Nonparametric approaches have been developed that are able to analyze large numbers of single nucleotide polymorphisms (SNPs) in modest sample sizes. These approaches have different selection features and may not provide similar results when applied to the same dataset. Therefore, we compared the results of three approaches (set association, random forests and multifactor dimensionality reduction [MDR]) to select from a total of 93 candidate SNPs a subset of SNPs that are important in determining high‐density lipoprotein (HDL)‐cholesterol levels. The study population consisted of a random sample from a Dutch monitoring project for cardiovascular disease risk factors and was dichotomized into cases (low HDL‐cholesterol, n = 533) and non‐cases (high HDL‐cholesterol, n = 545) based on gender‐specific median values for HDL cholesterol. Clearly, all three approaches prioritized three SNPs as important (CETP Taq1B, CETP−629 C/A and LPL Ser447X).

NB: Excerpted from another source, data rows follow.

Section ParentMaps.
Variables (T1 T2 : finType) (E1 : rel T1) (r1 : T1) (p1 : T1 -> T1) (h1 : T1 -> nat).
Variables (E2 : rel T2) (r2 : T2) (p2 : T2 -> T2) (h2 : T2 -> nat) (phi : T1 -> T2).
Hypotheses (ps1 : parent_structure E1 r1 p1 h1) (ps2 : parent_structure E2 r2 p2 h2).

Definition parent_hom := forall x, phi (p1 x) = phi x \/ phi (p1 x) = p2 (phi x).

Lemma epi_parent_hom : epimorphism E1 r1 E2 r2 phi -> parent_hom.
Proof.
move=> epi x; have : tree_le E1 r1 (p1 x) x by apply/(tree_leP ps1); exists 1.
move/(epi_tree_le epi)/(tree_leP ps2) => [k /(ancestor_adjacent ps2)]; apply.
by apply: (epi_edge epi); rewrite (ps_sym ps1) (edge_parent ps1).
Qed.

Lemma parent_hom_tree_le : parent_hom ->
  forall x y, tree_le E1 r1 x y -> tree_le E2 r2 (phi x) (phi y).
Proof.
move=> hom x y /(tree_leP ps1) [k <-]; apply/(tree_leP ps2).
elim: k => [|k [j hj]]; first by exists 0.
by rewrite iterS; case: (hom (iter k p1 y)) => ->; [exists j | exists j.+1; rewrite iterS hj].
Qed.

Hypotheses (light_phi : light E1 phi) (hom : parent_hom).

Lemma light_map_parent x : x != r1 -> phi (p1 x) = p2 (phi x).
Proof.
move=> xr; case: (hom x) => // eq_phi.
by have := light_phi (parent_neq ps1 xr) eq_phi; rewrite (ps_sym ps1) (edge_parent ps1).
Qed.

Lemma light_map_root x : phi x = r2 -> x = r1.
Proof.
move=> xr2; apply/eqP; apply: contraT => xr.
have := light_map_parent xr; rewrite xr2 (parent_root ps2) -xr2.
by move/(light_phi (parent_neq ps1 xr)); rewrite (ps_sym ps1) (edge_parent ps1).
Qed.

End ParentMaps.

Section FibreProduct.
Variables (A B C : finType) (EA : rel A) (rA : A) (EB : rel B) (rB : B).
Variables (EC : rel C) (rC : C) (f : B -> A) (g : C -> A).
Hypotheses (treeA : is_tree EA) (treeB : is_tree EB) (treeC : is_tree EC).
Hypotheses (epi_f : epimorphism EB rB EA rA f) (light_f : light EB f).
Hypotheses (conf_f : confluent EB EA f) (epi_g : epimorphism EC rC EA rA g).

Local Notation pA := (tree_parent rA treeA).
Local Notation pB := (tree_parent rB treeB).
Local Notation pC := (tree_parent rC treeC).
Let psA := tree_parent_structure rA treeA.
Let psB := tree_parent_structure rB treeB.
Let psC := tree_parent_structure rC treeC.

Let g_parent : parent_hom pC pA g := epi_parent_hom psC psA epi_g.
Let f_parent : parent_hom pB pA f := epi_parent_hom psB psA epi_f.
Let f_light_parent : forall b, b != rB -> f (pB b) = pA (f b) :=
  light_map_parent psB light_f f_parent.
Let f_light_root : forall b, f b = rA -> b = rB := light_map_root psB psA light_f f_parent.

Let f_lift_edge b a : EA (f b) a -> exists b', EB b b' /\ f b' = a.
Proof.
apply: light_confluent_lift_edge light_f conf_f.
- exact: tree_refl treeB.
- exact: tree_sym treeB.
- exact: tree_sym treeA.
Qed.

Definition D := {p : B * C | f p.1 == g p.2}.
Definition f0 (d : D) : B := (val d).1.
Definition g0 (d : D) : C := (val d).2.
Definition ED : rel D := fun d e => EB (f0 d) (f0 e) && EC (g0 d) (g0 e).

Definition mkD b c (e : f b = g c) : D :=
  exist (fun p : B * C => f p.1 == g p.2) (b, c) (introT eqP e).
Definition rD : D := mkD (etrans (epi_root epi_f) (esym (epi_root epi_g))).

Lemma D_square d : f (f0 d) = g (g0 d). Proof. exact/eqP/(valP d). Qed.

Lemma D_eq d e : f0 d = f0 e -> g0 d = g0 e -> d = e.
Proof. by move=> eb ec; apply: val_inj; apply: injective_projections eb ec. Qed.

Lemma ED_refl : reflexive ED.
Proof. by move=> d; rewrite /ED (tree_refl treeB) (tree_refl treeC). Qed.

Lemma ED_sym : symmetric ED.
Proof. by move=> d e; rewrite /ED (tree_sym treeB) (tree_sym treeC). Qed.

Lemma g0_light : light ED g0.
Proof.
move=> d e de ce; apply/negP => /andP[Ebb _].
have bb : f0 d != f0 e by apply: contraNneq de => bb; apply/eqP/D_eq.
by have := light_f bb; rewrite !D_square ce Ebb => /(_ erefl).
Qed.

Lemma f0_light : light EC g -> light ED f0.
Proof.
move=> light_g d e de be; apply/negP => /andP[_ Ecc].
have cc : g0 d != g0 e by apply: contraNneq de => cc; apply/eqP/D_eq.
by have := light_g _ _ cc; rewrite -!D_square be Ecc => /(_ erefl).
Qed.

Lemma D_root d : g0 d = rC -> d = rD.
Proof.
move=> cr; apply: D_eq; last exact: cr.
by apply: f_light_root; rewrite D_square cr (epi_root epi_g).
Qed.

Definition parentD_fst (d : D) : B :=
  if g (pC (g0 d)) == g (g0 d) then f0 d else pB (f0 d).

Lemma parentD_fstP d : f (parentD_fst d) = g (pC (g0 d)).
Proof.
rewrite /parentD_fst; case: eqP => [->|gpc]; first exact: D_square.
have gpcA : g (pC (g0 d)) = pA (g (g0 d)) by case: (g_parent (g0 d)) => // /gpc.
have br : f0 d != rB.
  by apply/eqP => br; apply: gpc; rewrite gpcA -D_square br (epi_root epi_f) (parent_root psA).
by rewrite f_light_parent // D_square gpcA.
Qed.

Definition parentD (d : D) : D := mkD (parentD_fstP d).
Definition depthD (d : D) : nat := tree_depth rC treeC (g0 d).

Lemma ED_parent d e : ED d e -> d != e -> g0 e = pC (g0 d) -> e = parentD d.
Proof.
case/andP=> Ebb _ de ce; apply: D_eq; last by rewrite ce.
have fe : f (f0 e) = g (pC (g0 d)) by rewrite D_square ce.
change (f0 e = parentD_fst d); rewrite /parentD_fst; case: eqP => [gcc|gcc].
  apply/eqP; apply: contraTT Ebb => bb; apply: light_f; first by rewrite eq_sym.
  by rewrite D_square fe gcc.
have gpc : g (pC (g0 d)) = pA (g (g0 d)) by case: (g_parent (g0 d)) => // /gcc.
have bb : f0 d != f0 e by apply/eqP => bb; apply: gcc; rewrite -fe -bb D_square.
case: (edge_parentP psB Ebb bb) => // bpb.
have er : f0 e != rB by apply: contraNneq bb => er; rewrite bpb er (parent_root psB).
have fbb : f (f0 d) = f (f0 e).
  apply: (parent_parent_eq psA); first by rewrite fe gpc D_square.
  by rewrite -f_light_parent // -bpb.
by have := light_f bb fbb; rewrite Ebb.
Qed.

Lemma D_parent_structure : parent_structure ED rD parentD depthD.
Proof.
split.
- by split; [exact: ED_refl | exact: ED_sym].
- apply: D_eq => /=; last exact: (parent_root psC).
  by change (parentD_fst rD = rB); rewrite /parentD_fst /g0 /= (parent_root psC) eqxx.
- by move=> d dr; apply: (ltn_parent psC); apply: contra_neq dr; apply: D_root.
- move=> d; change (EB (f0 d) (parentD_fst d) && EC (g0 d) (pC (g0 d))).
  rewrite (edge_parent psC) andbT /parentD_fst.
  by case: ifP => _; [exact: tree_refl | exact: (edge_parent psB)].
move=> d e Ede de; have ce : g0 d != g0 e by apply: contraTneq Ede; apply: g0_light.
have Ecc : EC (g0 d) (g0 e) by case/andP: Ede.
case: (edge_parentP psC Ecc ce) => [ec|dc]; [left | right]; apply: ED_parent => //.
- by rewrite ED_sym.
- by rewrite eq_sym.
Qed.

Lemma D_tree : is_tree ED. Proof. exact: parent_structure_tree D_parent_structure. Qed.

Lemma f0_epi : epimorphism ED rD EB rB f0.
Proof.
split=> //.
- by move=> d e /andP[].
- by move=> b; have [c gc] := epi_surj epi_g (f b); exists (mkD (esym gc)).
- move=> b b' Ebb.
  have [c [c' [Ecc gc gc']]] := epi_edge_surj epi_g (epi_edge epi_f Ebb).
  by exists (mkD (esym gc)), (mkD (esym gc')); rewrite /ED /= Ebb Ecc.
apply: (parent_hom_tree_le D_parent_structure psB) => d.
change (parentD_fst d = f0 d \/ parentD_fst d = pB (f0 d)).
by rewrite /parentD_fst; case: ifP => _; [left | right].
Qed.

Lemma g0_epi : epimorphism ED rD EC rC g0.
Proof.
split=> //.
- by move=> d e /andP[].
- by move=> c; have [b fb] := epi_surj epi_f (g c); exists (mkD fb).
- move=> c c' Ecc; have [b fb] := epi_surj epi_f (g c).
  have [b' [Ebb fb']] : exists b', EB b b' /\ f b' = g c'.
    by apply: f_lift_edge; rewrite fb (epi_edge epi_g Ecc).
  by exists (mkD fb), (mkD fb'); rewrite /ED /= Ebb Ecc.
by apply: (parent_hom_tree_le D_parent_structure psC) => d; right.
Qed.

Lemma f0_edge_lifting : confluent EC EA g -> edge_lifting ED EB f0.
Proof.
move=> conf_g d b' Ebb.
have Ea : EA (g (g0 d)) (f b') by rewrite -D_square (epi_edge epi_f Ebb).
have [y [z [Cy Eyz gz]]] :=
  confluent_edge_lifting (tree_refl treeC) (tree_sym treeC) (tree_sym treeA) conf_g Ea.
pose P u := exists2 e : D, g0 e = u /\ f0 e = f0 d &
  connect (induced ED (f0 @^-1: [set f0 d])) d e.
have [e [ey ed] Cde] : P y.
  apply: (connect_forward_closed _ Cy); last by exists d.
  move=> u v /and3P[Euv _]; rewrite !inE => /eqP gv [e [eu ed] Cde].
  have fv : f (f0 d) = g v by rewrite D_square gv.
  exists (mkD fv) => //; apply: connect_trans Cde (connect1 _).
  by rewrite /induced /= /ED /= !inE ed eu Euv (tree_refl treeB) eqxx.
exists e, (mkD (esym gz)); split=> //.
by rewrite /ED /= ey ed Ebb Eyz.
Qed.

Lemma f0_confluent : confluent EC EA g -> confluent ED EB f0.
Proof.
move=> conf_g; apply: edge_lifting_confluent ED_sym _ (f0_edge_lifting conf_g).
exact: epi_surj f0_epi.
Qed.

Lemma g0_confluent : confluent ED EC g0.
Proof.
apply: edge_lifting_confluent ED_sym (epi_surj g0_epi) _ => d c' Ecc.
have [b' [Ebb fb']] : exists b', EB (f0 d) b' /\ f b' = g c'.
  by apply: f_lift_edge; rewrite D_square (epi_edge epi_g Ecc).
by exists d, (mkD fb'); rewrite connect0 /ED /= Ebb Ecc.
Qed.

Lemma g0_end_vertex_preserving : end_vertex_preserving ED rD EC rC g0.
Proof.
move=> d /(end_vertexP D_parent_structure)[dr end_d]; apply/(end_vertexP psC); split.
  by apply: contra_neq dr; apply: D_root.
move=> c' Ecc cc.
have [b' [Ebb fb']] : exists b', EB (f0 d) b' /\ f b' = g c'.
  by apply: f_lift_edge; rewrite D_square (epi_edge epi_g Ecc).
have Ede : ED d (mkD fb') by rewrite /ED /= Ebb Ecc.
have ed : mkD fb' != d by apply: contra_neq cc => <-.
by rewrite -[c']/(g0 (mkD fb')) (end_d _ Ede ed).
Qed.

Lemma f0_end_vertex_preserving : end_vertex_preserving EC rC EA rA g ->
  end_vertex_preserving ED rD EB rB f0.
Proof.
move=> evp_g d end_d; have := evp_g _ (g0_end_vertex_preserving end_d).
case/(end_vertexP psA) => gr end_gc; apply/(end_vertexP psB); split.
  by apply: contra_neq gr => br; rewrite -D_square br (epi_root epi_f).
move=> b' Ebb bb; have db : f0 d != b' by rewrite eq_sym.
have [//|bpb] := edge_parentP psB Ebb db.
have b'r : b' != rB by apply: contraNneq bb => b'r; rewrite bpb b'r (parent_root psB).
have fbb : f b' != f (f0 d).
  by apply/eqP => fe; have := light_f bb fe; rewrite (tree_sym treeB) Ebb.
have fb'p : f b' = pA (f (f0 d)).
  by rewrite D_square; apply: end_gc; rewrite -D_square ?(epi_edge epi_f Ebb).
have fbp : f (f0 d) = pA (f b') by rewrite bpb f_light_parent.
have := parent_parent_eq psA (esym fb'p) (esym fbp).
by move/esym/eqP; rewrite (negbTE fbb).
Qed.

End FibreProduct.

Theorem theorem5p16
  (A B C : finType) (EA : rel A) (rA : A) (EB : rel B) (rB : B)
  (EC : rel C) (rC : C) (f : B -> A) (g : C -> A) :
  is_tree EA -> is_tree EB -> is_tree EC ->
  epimorphism EB rB EA rA f -> light EB f -> confluent EB EA f ->
  epimorphism EC rC EA rA g -> confluent EC EA g ->
  let D := {p : B * C | f p.1 == g p.2} in
  let ED : rel D := fun p q => EB (val p).1 (val q).1 && EC (val p).2 (val q).2 in
  let f0 : D -> B := fun p => (val p).1 in
  let g0 : D -> C := fun p => (val p).2 in
  exists rD : D,
    [/\ val rD = (rB, rC),
        is_tree ED,
        epimorphism ED rD EB rB f0 /\ confluent ED EB f0,
        [/\ epimorphism ED rD EC rC g0, light ED g0 & confluent ED EC g0] &
        (forall d : D, f (f0 d) = g (g0 d))] /\
    (light EC g -> light ED f0) /\
        (end_vertex_preserving EB rB EA rA f ->
         end_vertex_preserving EC rC EA rA g ->
         end_vertex_preserving ED rD EB rB f0 /\
         end_vertex_preserving ED rD EC rC g0).
Proof.
move=> treeA treeB treeC epi_f light_f conf_f epi_g conf_g /=.
exists (rD epi_f epi_g); split; [split=> // | split].
- exact: D_tree treeA treeB treeC epi_f light_f epi_g.
- split; first exact: f0_epi treeA treeB treeC epi_f light_f epi_g.
  exact: f0_confluent treeA treeB treeC epi_f light_f epi_g conf_g.
- split; first exact: g0_epi treeA treeB treeC epi_f light_f conf_f epi_g.
    exact: g0_light.
  exact: g0_confluent treeA treeB treeC epi_f light_f conf_f epi_g.
- exact: D_square.
- exact: f0_light.
move=> _ evp_g; split.
- exact: (f0_end_vertex_preserving treeA treeB treeC light_f conf_f evp_g).
- exact: (g0_end_vertex_preserving treeA treeB treeC light_f conf_f).
Qed.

Two SNPs with weaker main effects were additionally prioritized by random forests (APOC3 3175 G/C and CCR2 Val62Ile), whereas MTHFR 677 C/T was selected in combination with CETP Taq1B as best model by MDR. Obtained p‐values for the selected models were significant for the set association approach (p =.0019), random forests (p<.01) and MDR (p<.02). In conclusion, the application of a combination of multi‐locus methods is a useful approach in genetic association studies to select a well‐defined set of important SNPs for further statistical and epidemiological interpretation, providing increased confidence and more information compared with the application of only one method. Genet. Epidemiol. 2007. © 2007 Wiley‐Liss, Inc.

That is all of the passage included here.